— Required work —
Print the lines that run from the line with "(exists P : 'M[F]_(m" to the line with "rewrite -(addrNK delta (lam 0 j))", keeping both end lines, exactly as they appear in the entries below, and nothing else.

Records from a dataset
- Opening Delimiter -

Section Arrowhead.
Variables (F : fieldType) (m : nat) (d : 'rV[F]_m) (lam : 'rV[F]_(m + 1)).
Variables (p q : 'cV[F]_m) (delta : F).
Local Notation A := (arrow_mx d p q delta).

(* A left eigenvector [x, t] of A for an eigenvalue a outside the d_i has
   x_i = t q_i / (a - d_i); the last column of the eigen-equation then reads
   as the secular equation. *)
Lemma arrow_eigen_secular a (v : 'rV[F]_(m + 1)) :
  (forall i, d 0 i != a) -> v != 0 -> v *m A = a *: v ->
  \sum_i p i 0 * q i 0 / (a - d 0 i) = a - delta.
Proof.
move=> d_neq_a; rewrite -(hsubmxK v); move: (lsubmx v) (rsubmx v) => x t nz_xt.
rewrite /arrow_mx mul_row_block scale_row_mx mul_mx_diag.
move=> /eq_row_mx[/rowP ex /rowP et].
have x_val i : x 0 i = t 0 0 * q i 0 / (a - d 0 i).
  have a_d_neq0 : a - d 0 i != 0 by rewrite subr_eq0 eq_sym d_neq_a.
  apply: (canRL (mulfK a_d_neq0)); move: (ex i).
  rewrite !mxE big_ord1 !mxE -[ord0]/(0 : 'I_1) => ex_i.
  by rewrite mulrBr [x 0 i * a]mulrC -ex_i; ring.
have t_eq : t 0 0 * (a - delta) = \sum_i x 0 i * p i 0.
  move: (et 0); rewrite !mxE big_ord1 !mxE mulr1n -[ord0]/(0 : 'I_1) => et0.
  by rewrite mulrBr [t 0 0 * a]mulrC -et0; ring.
have nz_t : t 0 0 != 0.
  apply: contraNneq nz_xt => t0; apply/eqP.
  have -> : t = 0 by apply/rowP => k; rewrite ord1 t0 mxE.
  have -> : x = 0 by apply/rowP => i; rewrite x_val t0 !mul0r mxE.
  by rewrite row_mx0.
apply: (mulfI nz_t); rewrite t_eq mulr_sumr.
by apply: eq_bigr => i _; rewrite x_val; ring.
Qed.

Hypothesis d_neq_lam : forall i j, d 0 i != lam 0 j.

Lemma arrow_similar_secular :
  (exists P : 'M[F]_(m + 1), P \in unitmx /\ A = invmx P *m diag_mx lam *m P) ->
  forall j, \sum_i p i 0 * q i 0 / (lam 0 j - d 0 i) = lam 0 j - delta.
Proof.
move=> [P [uP hA]] j.
apply: (arrow_eigen_secular (v := row j P)) => [i | | ].
- exact: d_neq_lam.
- exact: unitmx_row_neq0.
- by rewrite hA row_similar_diag_mx.
Qed.

Hypothesis secular :
  forall j, \sum_i p i 0 * q i 0 / (lam 0 j - d 0 i) = lam 0 j - delta.

Definition PiZ_mx : 'M[F]_(m + 1) :=
  row_mx (cauchy lam d *m diag_mx q^T) (const_mx 1).

Local Notation Zinv := (Zinv_mx d lam p).
Local Notation Pi := (Pi_mx d lam p q).

(* In both products the last row (resp. column) is the secular equation. *)
Lemma arrow_mulmx_Zinv : A *m Zinv = Zinv *m diag_mx lam.
Proof.
rewrite /arrow_mx /Zinv_mx mul_block_col mul_col_mx mulmxN.
rewrite !mul_diag_mx !mul_mx_diag.
congr col_mx; apply/matrixP => i j; rewrite !mxE.
  rewrite big_ord1 !mxE -?[ord0]/(0 : 'I_1).
  have d_lam_neq0 : d 0 i - lam 0 j != 0 by rewrite subr_eq0 d_neq_lam.
  by field.
rewrite (ord1 i) big_ord1 !mxE eqxx mulr1n mulr1 mul1r.
rewrite -(addrNK delta (lam 0 j)) -secular; congr (_ + _).
apply: eq_bigr => k _.
by rewrite !mxE -[d 0 k - _]opprB invrN; ring.
Qed.

Lemma PiZ_mulmx_arrow : PiZ_mx *m A = diag_mx lam *m PiZ_mx.
Proof.
rewrite /arrow_mx /PiZ_mx mul_row_block mul_mx_row !mul_diag_mx !mul_mx_diag.
congr row_mx; apply/matrixP => i j; rewrite !mxE.
  rewrite big_ord1 !mxE -?[ord0]/(0 : 'I_1).
  have lam_d_neq0 : lam 0 i - d 0 j != 0 by rewrite subr_eq0 eq_sym d_neq_lam.
  by field.
rewrite (ord1 j) big_ord1 !mxE eqxx mulr1n mulr1 mul1r.
rewrite -(addrNK delta (lam 0 i)) -secular; congr (_ + _).
by apply: eq_bigr => k _; rewrite !mxE; ring.
Qed.

Lemma PiZ_mulmx_Zinv : PiZ_mx *m Zinv = Pi.
Proof.
rewrite /PiZ_mx /Zinv_mx /Pi_mx mul_row_col mulmxN !mulmxA.
by congr (_ + _); apply/matrixP => i j; rewrite !mxE big_ord1 !mxE mulr1.
Qed.

Lemma Pi_mx_entry i j : Pi i j =
  1 + \sum_k p k 0 * q k 0 / ((lam 0 i - d 0 k) * (lam 0 j - d 0 k)).
Proof.
rewrite /Pi_mx !mul_mx_diag !mxE addrC; congr (_ + _).
rewrite -sumrN; apply: eq_bigr => k _.
by rewrite !mxE -[d 0 k - lam 0 j]opprB invrN invfM; ring.
Qed.

Lemma Pi_mx_diag j :
  Pi j j = 1 + \sum_i p i 0 * q i 0 / (lam 0 j - d 0 i) ^+ 2.
Proof. by rewrite Pi_mx_entry; under eq_bigr do rewrite -expr2. Qed.

Hypothesis lam_inj : injective (lam 0).

Lemma Zinv_mx_unit : Zinv \in unitmx.
Proof.
rewrite -unitmx_tr; apply: (eigenrows_unitmx (g := A^T) lam_inj).
  by rewrite -trmx_mul arrow_mulmx_Zinv trmx_mul tr_diag_mx.
by move=> j; rewrite /Zinv_mx tr_col_mx trmx_const row_mx_const1_row_neq0.
Qed.

Lemma PiZ_mx_unit : PiZ_mx \in unitmx.
Proof.
apply: (eigenrows_unitmx lam_inj PiZ_mulmx_arrow) => j.
exact: row_mx_const1_row_neq0.
Qed.

Lemma Pi_mx_unit : Pi \in unitmx.
Proof. by rewrite -PiZ_mulmx_Zinv unitmx_mul PiZ_mx_unit Zinv_mx_unit. Qed.

Lemma Pi_mx_offdiag i j : i != j -> Pi i j = 0.
Proof.
apply: diag_mx_comm_offdiag lam_inj _ i j.
by rewrite -PiZ_mulmx_Zinv mulmxA -PiZ_mulmx_arrow -!mulmxA arrow_mulmx_Zinv.
Qed.

Lemma invmx_Zinv_mx : invmx Zinv = Z_mx d lam p q.
Proof.
have Z_Zinv : Z_mx d lam p q *m Zinv = 1%:M.
  by rewrite /Z_mx -mulmxA PiZ_mulmx_Zinv mulVmx ?Pi_mx_unit.
by rewrite -[invmx Zinv]mul1mx -Z_Zinv mulmxK ?Zinv_mx_unit.
Qed.

Lemma arrow_mx_diagonalized : A = Zinv *m diag_mx lam *m Z_mx d lam p q.
Proof. by rewrite -invmx_Zinv_mx -arrow_mulmx_Zinv mulmxK ?Zinv_mx_unit. Qed.

Hypothesis d_inj : injective (d 0).

Lemma Pi_mx_diag_prod j :
  Pi j j = 1 - \sum_i (\prod_(k < m + 1) (d 0 i - lam 0 k))
                / ((lam 0 j - d 0 i) ^+ 2 * \prod_(k < m | k != i) (d 0 i - d 0 k)).
Proof.
rewrite Pi_mx_diag -sumrN; congr (1 + _); apply: eq_bigr => i _.
have := secular_residue (c := fun i => p i 0 * q i 0) lam_inj d_neq_lam secular i.
rewrite -mulNr => <-.
have prod_neq0 : \prod_(k < m | k != i) (d 0 i - d 0 k) != 0.
  by apply/prodf_neq0 => k ki; rewrite subr_eq0 (inj_eq d_inj) eq_sym.
have lam_d_neq0 : lam 0 j - d 0 i != 0 by rewrite subr_eq0 eq_sym d_neq_lam.
by field; rewrite prod_neq0 lam_d_neq0.
Qed.

End Arrowhead.

Theorem mainTheorem2 (C : numClosedFieldType) (m : nat) (hm : (0 < m)%N)
  (d : 'rV[C]_m) (lam : 'rV[C]_(m + 1)) (p q : 'cV[C]_m) (delta : C)
  (hd : injective (fun i : 'I_m => d 0 i))
  (hlam : injective (fun j : 'I_(m + 1) => lam 0 j))
  (hdlam : forall (i : 'I_m) (j : 'I_(m + 1)), d 0 i != lam 0 j)
  (hsim : exists P : 'M[C]_(m + 1),
            P \in unitmx /\ arrow_mx d p q delta = invmx P *m diag_mx lam *m P) :
  let Pi := Pi_mx d lam p q in
  let Zinv := Zinv_mx d lam p in
  let Z := Z_mx d lam p q in
  [/\ (forall i j : 'I_(m + 1), i != j -> Pi i j = 0),
      (forall j : 'I_(m + 1),
         Pi j j = 1 + \sum_(i < m) p i 0 * q i 0 / (lam 0 j - d 0 i) ^+ 2
         /\ Pi j j = 1 - \sum_(i < m)
              (\prod_(k < m + 1) (d 0 i - lam 0 k))
              / ((lam 0 j - d 0 i) ^+ 2 * \prod_(k < m | k != i) (d 0 i - d 0 k))),
      Pi \in unitmx,
      Zinv \in unitmx /\ invmx Zinv = Z
    & arrow_mx d p q delta = Zinv *m diag_mx lam *m Z].
Proof.
move=> Pi Zinv Z.
have secular := arrow_similar_secular hdlam hsim.
split.
- exact: Pi_mx_offdiag hdlam secular hlam.
- move=> j; split; first exact: Pi_mx_diag.
  exact: (Pi_mx_diag_prod hdlam secular hlam hd j).
- exact: Pi_mx_unit hdlam secular hlam.
- split; first exact: Zinv_mx_unit hdlam secular hlam.
  exact: invmx_Zinv_mx hdlam secular hlam.
- exact: arrow_mx_diagonalized hdlam secular hlam.
Qed.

- Closing Delimiter -

— Result —
  (exists P : 'M[F]_(m + 1), P \in unitmx /\ A = invmx P *m diag_mx lam *m P) ->
  forall j, \sum_i p i 0 * q i 0 / (lam 0 j - d 0 i) = lam 0 j - delta.
Proof.
move=> [P [uP hA]] j.
apply: (arrow_eigen_secular (v := row j P)) => [i | | ].
- exact: d_neq_lam.
- exact: unitmx_row_neq0.
- by rewrite hA row_similar_diag_mx.
Qed.

Hypothesis secular :
  forall j, \sum_i p i 0 * q i 0 / (lam 0 j - d 0 i) = lam 0 j - delta.

Definition PiZ_mx : 'M[F]_(m + 1) :=
  row_mx (cauchy lam d *m diag_mx q^T) (const_mx 1).

Local Notation Zinv := (Zinv_mx d lam p).
Local Notation Pi := (Pi_mx d lam p q).

(* In both products the last row (resp. column) is the secular equation. *)
Lemma arrow_mulmx_Zinv : A *m Zinv = Zinv *m diag_mx lam.
Proof.
rewrite /arrow_mx /Zinv_mx mul_block_col mul_col_mx mulmxN.
rewrite !mul_diag_mx !mul_mx_diag.
congr col_mx; apply/matrixP => i j; rewrite !mxE.
  rewrite big_ord1 !mxE -?[ord0]/(0 : 'I_1).
  have d_lam_neq0 : d 0 i - lam 0 j != 0 by rewrite subr_eq0 d_neq_lam.
  by field.
rewrite (ord1 i) big_ord1 !mxE eqxx mulr1n mulr1 mul1r.
rewrite -(addrNK delta (lam 0 j)) -secular; congr (_ + _).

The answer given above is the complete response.